Write only the number of lines in the entries below that contain the string "element".

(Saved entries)
◆ ◆ ◆ ◆ ◆ ◆ ◆

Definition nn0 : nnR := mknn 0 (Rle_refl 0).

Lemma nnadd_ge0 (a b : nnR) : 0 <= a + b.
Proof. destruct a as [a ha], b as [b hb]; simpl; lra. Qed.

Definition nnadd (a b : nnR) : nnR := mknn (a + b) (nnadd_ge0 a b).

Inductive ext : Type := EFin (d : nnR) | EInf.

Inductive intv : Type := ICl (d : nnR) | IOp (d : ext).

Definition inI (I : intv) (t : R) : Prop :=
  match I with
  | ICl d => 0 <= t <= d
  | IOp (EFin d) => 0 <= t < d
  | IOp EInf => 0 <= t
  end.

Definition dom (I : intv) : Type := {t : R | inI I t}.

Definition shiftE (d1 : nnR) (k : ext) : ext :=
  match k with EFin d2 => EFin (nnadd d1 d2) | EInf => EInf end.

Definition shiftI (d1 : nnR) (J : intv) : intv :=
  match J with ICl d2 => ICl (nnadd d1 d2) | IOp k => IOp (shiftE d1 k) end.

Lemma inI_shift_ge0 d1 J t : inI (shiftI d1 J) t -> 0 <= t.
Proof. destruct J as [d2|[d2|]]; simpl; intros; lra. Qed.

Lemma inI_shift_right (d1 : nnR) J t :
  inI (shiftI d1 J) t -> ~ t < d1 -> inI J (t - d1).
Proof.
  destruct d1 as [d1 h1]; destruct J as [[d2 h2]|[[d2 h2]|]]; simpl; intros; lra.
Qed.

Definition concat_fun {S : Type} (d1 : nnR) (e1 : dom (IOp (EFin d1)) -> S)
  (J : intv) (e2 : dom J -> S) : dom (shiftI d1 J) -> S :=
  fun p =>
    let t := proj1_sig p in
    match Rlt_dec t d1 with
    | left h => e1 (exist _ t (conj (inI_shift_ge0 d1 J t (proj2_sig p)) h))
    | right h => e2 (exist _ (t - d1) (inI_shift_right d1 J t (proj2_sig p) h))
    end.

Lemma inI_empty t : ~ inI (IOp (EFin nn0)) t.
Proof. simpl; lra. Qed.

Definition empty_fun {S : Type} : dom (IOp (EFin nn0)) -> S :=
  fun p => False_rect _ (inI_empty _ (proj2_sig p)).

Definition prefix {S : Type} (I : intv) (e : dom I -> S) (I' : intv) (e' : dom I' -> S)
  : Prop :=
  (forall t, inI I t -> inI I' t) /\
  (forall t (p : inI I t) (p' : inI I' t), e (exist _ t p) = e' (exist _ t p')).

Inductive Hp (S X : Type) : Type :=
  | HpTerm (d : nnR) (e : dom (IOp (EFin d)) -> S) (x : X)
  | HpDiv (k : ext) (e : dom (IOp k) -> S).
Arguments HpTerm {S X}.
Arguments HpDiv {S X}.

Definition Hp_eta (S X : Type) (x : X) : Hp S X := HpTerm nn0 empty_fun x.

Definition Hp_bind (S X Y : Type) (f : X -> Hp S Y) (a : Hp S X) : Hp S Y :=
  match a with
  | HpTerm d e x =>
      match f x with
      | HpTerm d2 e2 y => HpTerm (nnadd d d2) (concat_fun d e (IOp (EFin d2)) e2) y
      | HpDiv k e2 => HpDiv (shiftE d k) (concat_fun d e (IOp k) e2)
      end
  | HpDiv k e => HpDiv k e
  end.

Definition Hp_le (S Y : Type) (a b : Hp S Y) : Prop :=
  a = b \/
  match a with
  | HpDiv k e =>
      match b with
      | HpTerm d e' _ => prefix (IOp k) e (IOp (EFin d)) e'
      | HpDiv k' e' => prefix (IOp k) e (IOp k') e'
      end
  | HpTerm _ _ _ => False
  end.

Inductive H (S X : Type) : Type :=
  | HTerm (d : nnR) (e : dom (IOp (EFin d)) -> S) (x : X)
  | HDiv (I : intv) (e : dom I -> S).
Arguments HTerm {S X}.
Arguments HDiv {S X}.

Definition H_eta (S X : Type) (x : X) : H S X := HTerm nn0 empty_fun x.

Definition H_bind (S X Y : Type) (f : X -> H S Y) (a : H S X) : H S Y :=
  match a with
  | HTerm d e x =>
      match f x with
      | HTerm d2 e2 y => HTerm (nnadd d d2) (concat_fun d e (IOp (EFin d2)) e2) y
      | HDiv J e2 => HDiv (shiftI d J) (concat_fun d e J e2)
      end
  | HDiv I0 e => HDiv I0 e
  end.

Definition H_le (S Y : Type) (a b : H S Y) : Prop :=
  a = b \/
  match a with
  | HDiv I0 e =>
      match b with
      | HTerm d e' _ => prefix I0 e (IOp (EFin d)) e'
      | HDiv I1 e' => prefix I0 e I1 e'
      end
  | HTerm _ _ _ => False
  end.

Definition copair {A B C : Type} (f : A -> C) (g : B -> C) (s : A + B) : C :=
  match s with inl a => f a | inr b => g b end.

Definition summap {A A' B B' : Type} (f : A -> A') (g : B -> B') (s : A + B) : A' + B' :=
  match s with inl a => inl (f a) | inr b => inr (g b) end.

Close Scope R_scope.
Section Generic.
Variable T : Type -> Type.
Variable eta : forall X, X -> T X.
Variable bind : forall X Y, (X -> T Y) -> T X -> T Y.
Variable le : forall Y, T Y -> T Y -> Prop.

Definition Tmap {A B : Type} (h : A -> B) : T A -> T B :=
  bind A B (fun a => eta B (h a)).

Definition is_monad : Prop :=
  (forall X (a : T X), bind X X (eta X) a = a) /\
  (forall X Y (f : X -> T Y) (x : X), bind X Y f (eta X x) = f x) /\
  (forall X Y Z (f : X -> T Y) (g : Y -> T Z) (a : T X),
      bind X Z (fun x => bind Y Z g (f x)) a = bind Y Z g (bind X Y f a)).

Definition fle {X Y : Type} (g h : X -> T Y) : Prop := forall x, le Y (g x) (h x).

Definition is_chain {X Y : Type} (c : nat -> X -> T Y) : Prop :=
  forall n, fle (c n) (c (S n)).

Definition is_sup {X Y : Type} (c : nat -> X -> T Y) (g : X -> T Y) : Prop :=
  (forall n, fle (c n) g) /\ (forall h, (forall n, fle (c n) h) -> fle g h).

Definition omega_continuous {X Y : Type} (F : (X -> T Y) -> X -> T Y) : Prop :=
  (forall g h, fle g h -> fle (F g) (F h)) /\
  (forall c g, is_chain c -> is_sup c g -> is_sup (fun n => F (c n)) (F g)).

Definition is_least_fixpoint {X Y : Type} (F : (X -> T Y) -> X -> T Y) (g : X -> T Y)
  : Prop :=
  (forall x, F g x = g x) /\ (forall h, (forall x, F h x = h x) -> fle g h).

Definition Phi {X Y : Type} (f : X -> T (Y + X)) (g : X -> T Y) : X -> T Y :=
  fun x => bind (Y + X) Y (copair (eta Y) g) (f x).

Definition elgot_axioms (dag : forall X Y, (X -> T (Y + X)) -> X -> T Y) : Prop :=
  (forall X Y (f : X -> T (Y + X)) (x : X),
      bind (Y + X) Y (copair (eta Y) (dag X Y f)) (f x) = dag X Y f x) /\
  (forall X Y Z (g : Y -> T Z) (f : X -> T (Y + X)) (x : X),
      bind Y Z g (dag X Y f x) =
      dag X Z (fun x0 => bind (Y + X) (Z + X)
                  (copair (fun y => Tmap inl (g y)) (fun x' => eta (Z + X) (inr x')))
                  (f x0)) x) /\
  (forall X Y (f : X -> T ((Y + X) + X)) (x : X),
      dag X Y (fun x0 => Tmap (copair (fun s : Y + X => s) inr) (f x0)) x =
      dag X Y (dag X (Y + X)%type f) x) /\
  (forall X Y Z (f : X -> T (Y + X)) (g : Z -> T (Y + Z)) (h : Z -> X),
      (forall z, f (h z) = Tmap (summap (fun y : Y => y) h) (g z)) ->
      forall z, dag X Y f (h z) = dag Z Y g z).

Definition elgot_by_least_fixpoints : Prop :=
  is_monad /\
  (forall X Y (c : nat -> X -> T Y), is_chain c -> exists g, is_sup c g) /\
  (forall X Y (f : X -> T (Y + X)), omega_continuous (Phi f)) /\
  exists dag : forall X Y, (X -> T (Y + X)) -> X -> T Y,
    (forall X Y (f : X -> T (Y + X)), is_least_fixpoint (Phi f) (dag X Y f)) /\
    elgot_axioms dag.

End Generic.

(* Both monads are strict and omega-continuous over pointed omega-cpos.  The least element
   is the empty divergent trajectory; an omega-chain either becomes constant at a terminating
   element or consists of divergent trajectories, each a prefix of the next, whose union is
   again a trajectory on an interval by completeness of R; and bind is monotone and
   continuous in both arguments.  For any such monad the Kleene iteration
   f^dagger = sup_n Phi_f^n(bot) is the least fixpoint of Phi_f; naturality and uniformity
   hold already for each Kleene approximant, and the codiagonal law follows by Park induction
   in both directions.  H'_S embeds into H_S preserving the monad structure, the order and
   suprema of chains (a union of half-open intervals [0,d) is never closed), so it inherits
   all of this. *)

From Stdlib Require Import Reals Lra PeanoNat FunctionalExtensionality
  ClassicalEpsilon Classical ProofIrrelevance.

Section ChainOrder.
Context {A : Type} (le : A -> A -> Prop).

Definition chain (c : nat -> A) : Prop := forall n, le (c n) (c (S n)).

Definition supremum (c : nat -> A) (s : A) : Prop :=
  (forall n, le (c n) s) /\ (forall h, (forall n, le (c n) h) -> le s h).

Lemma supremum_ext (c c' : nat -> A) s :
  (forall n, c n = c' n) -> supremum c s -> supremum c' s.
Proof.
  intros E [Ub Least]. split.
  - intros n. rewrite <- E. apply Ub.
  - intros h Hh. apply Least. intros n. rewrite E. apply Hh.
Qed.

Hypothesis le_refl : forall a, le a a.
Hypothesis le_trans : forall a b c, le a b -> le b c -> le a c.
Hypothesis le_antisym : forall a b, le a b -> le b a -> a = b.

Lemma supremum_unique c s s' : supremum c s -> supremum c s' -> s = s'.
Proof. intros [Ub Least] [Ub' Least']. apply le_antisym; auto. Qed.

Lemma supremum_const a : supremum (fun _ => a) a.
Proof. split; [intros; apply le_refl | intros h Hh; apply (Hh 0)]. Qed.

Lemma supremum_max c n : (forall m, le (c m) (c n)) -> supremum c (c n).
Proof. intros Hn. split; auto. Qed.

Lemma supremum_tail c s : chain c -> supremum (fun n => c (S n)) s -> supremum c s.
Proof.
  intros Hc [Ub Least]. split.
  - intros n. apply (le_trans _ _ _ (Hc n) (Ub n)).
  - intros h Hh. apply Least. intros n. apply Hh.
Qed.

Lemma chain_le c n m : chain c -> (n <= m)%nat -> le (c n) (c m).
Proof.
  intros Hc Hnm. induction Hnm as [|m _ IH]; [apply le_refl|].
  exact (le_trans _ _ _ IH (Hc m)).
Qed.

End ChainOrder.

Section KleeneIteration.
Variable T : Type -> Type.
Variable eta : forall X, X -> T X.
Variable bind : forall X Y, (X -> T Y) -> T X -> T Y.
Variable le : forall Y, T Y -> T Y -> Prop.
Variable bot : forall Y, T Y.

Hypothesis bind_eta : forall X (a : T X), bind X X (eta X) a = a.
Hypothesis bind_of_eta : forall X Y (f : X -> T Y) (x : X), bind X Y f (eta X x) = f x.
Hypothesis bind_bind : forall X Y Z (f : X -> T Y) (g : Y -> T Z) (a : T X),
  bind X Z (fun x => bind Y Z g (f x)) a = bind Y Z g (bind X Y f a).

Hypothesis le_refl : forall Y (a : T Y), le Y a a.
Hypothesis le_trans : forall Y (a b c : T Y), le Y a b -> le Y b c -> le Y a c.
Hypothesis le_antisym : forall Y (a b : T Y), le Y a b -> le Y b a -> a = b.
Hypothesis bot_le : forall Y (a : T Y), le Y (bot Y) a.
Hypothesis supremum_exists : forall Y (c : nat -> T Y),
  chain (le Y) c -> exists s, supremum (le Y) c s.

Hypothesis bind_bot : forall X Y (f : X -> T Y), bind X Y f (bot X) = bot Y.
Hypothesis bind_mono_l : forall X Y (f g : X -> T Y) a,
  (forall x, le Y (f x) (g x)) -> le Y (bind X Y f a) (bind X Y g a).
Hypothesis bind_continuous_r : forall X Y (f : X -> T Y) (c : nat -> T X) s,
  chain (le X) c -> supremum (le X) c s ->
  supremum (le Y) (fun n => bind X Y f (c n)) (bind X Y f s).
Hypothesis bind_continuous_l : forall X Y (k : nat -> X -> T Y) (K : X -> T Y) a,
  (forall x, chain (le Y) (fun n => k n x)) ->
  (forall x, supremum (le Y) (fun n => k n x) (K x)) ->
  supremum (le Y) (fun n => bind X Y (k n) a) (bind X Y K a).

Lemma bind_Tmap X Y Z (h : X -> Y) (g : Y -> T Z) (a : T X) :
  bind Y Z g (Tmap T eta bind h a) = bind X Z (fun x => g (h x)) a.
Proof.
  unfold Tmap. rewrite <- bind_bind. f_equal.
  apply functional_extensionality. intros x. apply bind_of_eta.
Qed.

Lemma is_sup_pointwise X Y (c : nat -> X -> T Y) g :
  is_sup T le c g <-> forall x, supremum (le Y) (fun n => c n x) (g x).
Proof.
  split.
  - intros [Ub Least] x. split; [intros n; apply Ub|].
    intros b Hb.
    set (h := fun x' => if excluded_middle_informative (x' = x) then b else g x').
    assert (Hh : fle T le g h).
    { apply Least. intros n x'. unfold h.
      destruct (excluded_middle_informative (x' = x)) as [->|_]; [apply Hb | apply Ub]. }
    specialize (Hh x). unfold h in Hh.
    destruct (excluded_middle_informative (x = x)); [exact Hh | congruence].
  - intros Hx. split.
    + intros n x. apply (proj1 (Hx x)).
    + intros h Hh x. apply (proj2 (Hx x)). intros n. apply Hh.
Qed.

◆ ◆ ◆ ◆ ◆ ◆ ◆

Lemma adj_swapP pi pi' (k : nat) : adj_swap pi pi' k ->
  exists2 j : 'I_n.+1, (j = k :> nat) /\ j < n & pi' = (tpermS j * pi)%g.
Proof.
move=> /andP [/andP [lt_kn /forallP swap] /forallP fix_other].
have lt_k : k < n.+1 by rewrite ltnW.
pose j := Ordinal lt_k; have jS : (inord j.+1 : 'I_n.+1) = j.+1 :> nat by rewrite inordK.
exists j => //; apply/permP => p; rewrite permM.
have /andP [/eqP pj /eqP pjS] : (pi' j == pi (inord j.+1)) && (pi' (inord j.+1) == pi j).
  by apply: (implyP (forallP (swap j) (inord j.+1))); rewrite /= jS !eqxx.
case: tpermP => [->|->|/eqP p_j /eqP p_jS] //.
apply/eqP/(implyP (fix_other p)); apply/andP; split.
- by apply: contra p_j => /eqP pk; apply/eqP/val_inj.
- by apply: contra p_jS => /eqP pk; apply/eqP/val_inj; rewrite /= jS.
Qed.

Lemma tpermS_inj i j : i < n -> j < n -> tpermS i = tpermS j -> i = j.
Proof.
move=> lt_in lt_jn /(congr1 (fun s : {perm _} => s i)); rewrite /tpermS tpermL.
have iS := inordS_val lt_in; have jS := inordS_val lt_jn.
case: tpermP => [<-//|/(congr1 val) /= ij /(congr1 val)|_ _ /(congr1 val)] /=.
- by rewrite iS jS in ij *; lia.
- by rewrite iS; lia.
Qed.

◆ ◆ ◆ ◆ ◆ ◆ ◆

Solution to the problem → 2